## PROBLEM TO WORK ON
Tell how many lines in the records contain the word "apply"; the number alone is the answer.

Stored items:
......
(* Let $A\in\mathbb{R}^{m\times m}$ be positive definite, $B\in\mathbb{R}^{m\times n}$ ($n\le m$), $\alpha\ge0$, $\beta>0$, and let $(\lambda,(u^*,v^* )^* )$ be an eigenpair of $\mathcal{P}_{MGSSP}^{-1}\mathcal{A}$ with $u\in\mathbb{C}^m$, $v\in\mathbb{C}^n$ and $B^Tu\neq0$. Set $a_1+ib_1=\frac{u^*Au}{u^*u}$ ($a_1,b_1\in\mathbb{R}$), $c_1=\frac{u^*BB^Tu}{u^*u}$, $a_2=\beta^2(a_1^2-b_1^2)-4\alpha\beta c_1$, $b_2=2\beta^2a_1b_1$, and $$z_1=\sqrt{\tfrac{\sqrt{a_2^2+b_2^2}+a_2}{2}},\qquad z_2=\operatorname{sign}(b_1)\sqrt{\tfrac{\sqrt{a_2^2+b_2^2}-a_2}{2}},$$ so that $(z_1+iz_2)^2=a_2+ib_2$. Let $D=\alpha\beta+2\beta a_1+4c_1+2i\beta b_1$. Then $\lambda$ is one of $$\lambda_+=\frac12+\frac{(z_1-\alpha\beta-\beta a_1)+i(z_2-\beta b_1)}{2D},\qquad \lambda_-=\frac12-\frac{(z_1+\alpha\beta+\beta a_1)+i(z_2+\beta b_1)}{2D},$$ and $$\Big|\lambda_\pm-\frac12\Big|^2\le\frac{(\alpha\beta+2\beta a_1)^2+\big(\beta|b_1|+\sqrt{\beta^2b_1^2+4\alpha\beta c_1}\big)^2}{4\big[(\alpha\beta+2\beta a_1+4c_1)^2+4\beta^2b_1^2\big]}\le\frac{(\alpha\beta+2\beta\rho(H))^2+\big(\beta\rho(S)+\sqrt{\beta^2\rho(S)^2+4\alpha\beta\rho(BB^T)}\big)^2}{4\big(\alpha\beta+2\beta\lambda_{\min}(H)+4\lambda_{\min}(BB^T)\big)^2}.$$
   Context: A real square matrix $A$ is called positive definite if $x^TAx>0$ for all nonzero $x\in\mathbb{R}^m$ ($A$ need not be symmetric). $H=\frac12(A+A^T)$, $S=\frac12(A-A^T)$. $\mathcal{A}=\begin{pmatrix}A & B\\ -B^T & 0\end{pmatrix}$ and, for $\alpha\ge0,\beta>0$, $\mathcal{P}_{MGSSP}=\begin{pmatrix}\alpha I+2A & 2B\\ -2B^T & \beta I\end{pmatrix}$. $\lambda_{\min}(\cdot)$ is the smallest eigenvalue of a symmetric matrix, $\rho(\cdot)$ the spectral radius, $\operatorname{sign}(b_1)$ the sign of $b_1$ (with $\operatorname{sign}(0)$ taken as $\pm1$ arbitrarily; both choices give $z_2=0$ unless $b_1\neq0$). *)

(* Complex numbers: an arbitrary numClosedFieldType C
   (e.g. algC, or the field of complex numbers); real matrices are matrices
   over C whose entries are real (Num.real). *)
From HB Require Import structures.
From mathcomp Require Import all_boot all_order all_algebra.
Set Implicit Arguments. Unset Strict Implicit. Unset Printing Implicit Defensive.
Import Order.TTheory GRing.Theory Num.Theory.
Local Open Scope ring_scope.

Definition ctrmx (C : numClosedFieldType) (p q : nat) (M : 'M[C]_(p, q)) : 'M[C]_(q, p) :=
  (map_mx (fun x => x^*) M)^T.

(* A real square matrix is positive definite if x^T A x > 0 for all nonzero
   real x (A need not be symmetric). *)
Definition posdef (C : numClosedFieldType) (m : nat) (A : 'M[C]_m) : Prop :=
  A \is a mxOver Num.real /\
  forall x : 'cV[C]_m, x \is a mxOver Num.real -> x != 0 -> 0 < (x^T *m A *m x) 0 0.

Definition is_spectral_radius (C : numClosedFieldType) (m : nat) (M : 'M[C]_m) (r : C) : Prop :=
  (exists2 l, eigenvalue M l & `|l| = r) /\ (forall l, eigenvalue M l -> `|l| <= r).

Definition is_lambda_min (C : numClosedFieldType) (m : nat) (M : 'M[C]_m) (l : C) : Prop :=
  eigenvalue M l /\ (forall k, eigenvalue M k -> l <= k).

Definition saddleA (C : numClosedFieldType) (m n : nat) (A : 'M[C]_m) (B : 'M[C]_(m, n))
  : 'M[C]_(m + n) := block_mx A B (- B^T) 0.

Definition P_MGSSP (C : numClosedFieldType) (m n : nat) (A : 'M[C]_m) (B : 'M[C]_(m, n))
  (alpha beta : C) : 'M[C]_(m + n) :=
  block_mx (alpha%:M + 2%:R *: A) (2%:R *: B) (- (2%:R *: B^T)) (beta%:M).

From HB Require Import structures.
From mathcomp Require Import all_boot all_order all_algebra.
From mathcomp Require Import spectral sesquilinear.
From mathcomp Require Import ring.
Import Order.TTheory GRing.Theory Num.Theory.
Set Implicit Arguments.
Unset Strict Implicit.
Unset Printing Implicit Defensive.

Local Open Scope ring_scope.

(* Multiplying the two block rows of [A w = lam P w] by u^* and u^* B and
   eliminating u^* B v gives a quadratic equation for lam whose coefficients are
   the Rayleigh quotients q = u^* A u / u^* u and c1 = u^* B B^T u / u^* u.
   Completing the square, D (2 lam - 1) + alpha beta + beta q is a square root
   of beta^2 q^2 - 4 alpha beta c1 = a2 + i b2, i.e. +-(z1 + i z2), which gives
   the two formulas. Since |a2 + i b2| <= beta^2 |q|^2 + 4 alpha beta c1, we get
   0 <= z1 <= beta a1 and |z2| <= sqrt (beta^2 b1^2 + 4 alpha beta c1), whence
   the bound on |lam - 1/2|^2. The last bound follows from
   lambda_min <= Rayleigh quotient <= spectral radius for the normal matrices
   H, S and B B^T, positive definiteness of A giving lambda_min(H) > 0. *)

Section ConjugateTranspose.
Context {C : numClosedFieldType}.
Implicit Types (p q r : nat).

Lemma ctrmxE p q (X : 'M[C]_(p, q)) : ctrmx X = (X ^t* )%sesqui.
Proof. by rewrite /ctrmx map_trmx. Qed.

Lemma ctrmxK p q (X : 'M[C]_(p, q)) : ctrmx (ctrmx X) = X.
Proof. by apply/matrixP=> i j; rewrite !mxE conjCK. Qed.

Lemma ctrmx_mul p q r (X : 'M[C]_(p, q)) (Y : 'M[C]_(q, r)) :
  ctrmx (X *m Y) = ctrmx Y *m ctrmx X.
Proof. by rewrite /ctrmx map_mxM trmx_mul. Qed.

Lemma ctrmxD p q (X Y : 'M[C]_(p, q)) : ctrmx (X + Y) = ctrmx X + ctrmx Y.
Proof. by apply/matrixP=> i j; rewrite !mxE rmorphD. Qed.

Lemma ctrmxN p q (X : 'M[C]_(p, q)) : ctrmx (- X) = - ctrmx X.
Proof. by apply/matrixP=> i j; rewrite !mxE rmorphN. Qed.

Lemma ctrmxZ p q (a : C) (X : 'M[C]_(p, q)) : ctrmx (a *: X) = a^* *: ctrmx X.
Proof. by apply/matrixP=> i j; rewrite !mxE rmorphM. Qed.

Lemma ctrmx_real p q (X : 'M[C]_(p, q)) : X \is a mxOver Num.real -> ctrmx X = X^T.
Proof. by move=> hX; rewrite /ctrmx realmxC. Qed.

Lemma trmx_real p q (X : 'M[C]_(p, q)) :
  X \is a mxOver Num.real -> X^T \is a mxOver Num.real.
Proof. by move=> hX; apply/mxOverP => i j; rewrite mxE (mxOverP hX). Qed.

Lemma mx11D (X Y : 'M[C]_1) : (X + Y) 0 0 = X 0 0 + Y 0 0.
Proof. by rewrite mxE. Qed.

Lemma mx11N (X : 'M[C]_1) : (- X) 0 0 = - X 0 0.
Proof. by rewrite mxE. Qed.

Lemma mx11Z (a : C) (X : 'M[C]_1) : (a *: X) 0 0 = a * X 0 0.
Proof. by rewrite mxE. Qed.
......
## SOLUTION TO THIS EXERCISE
5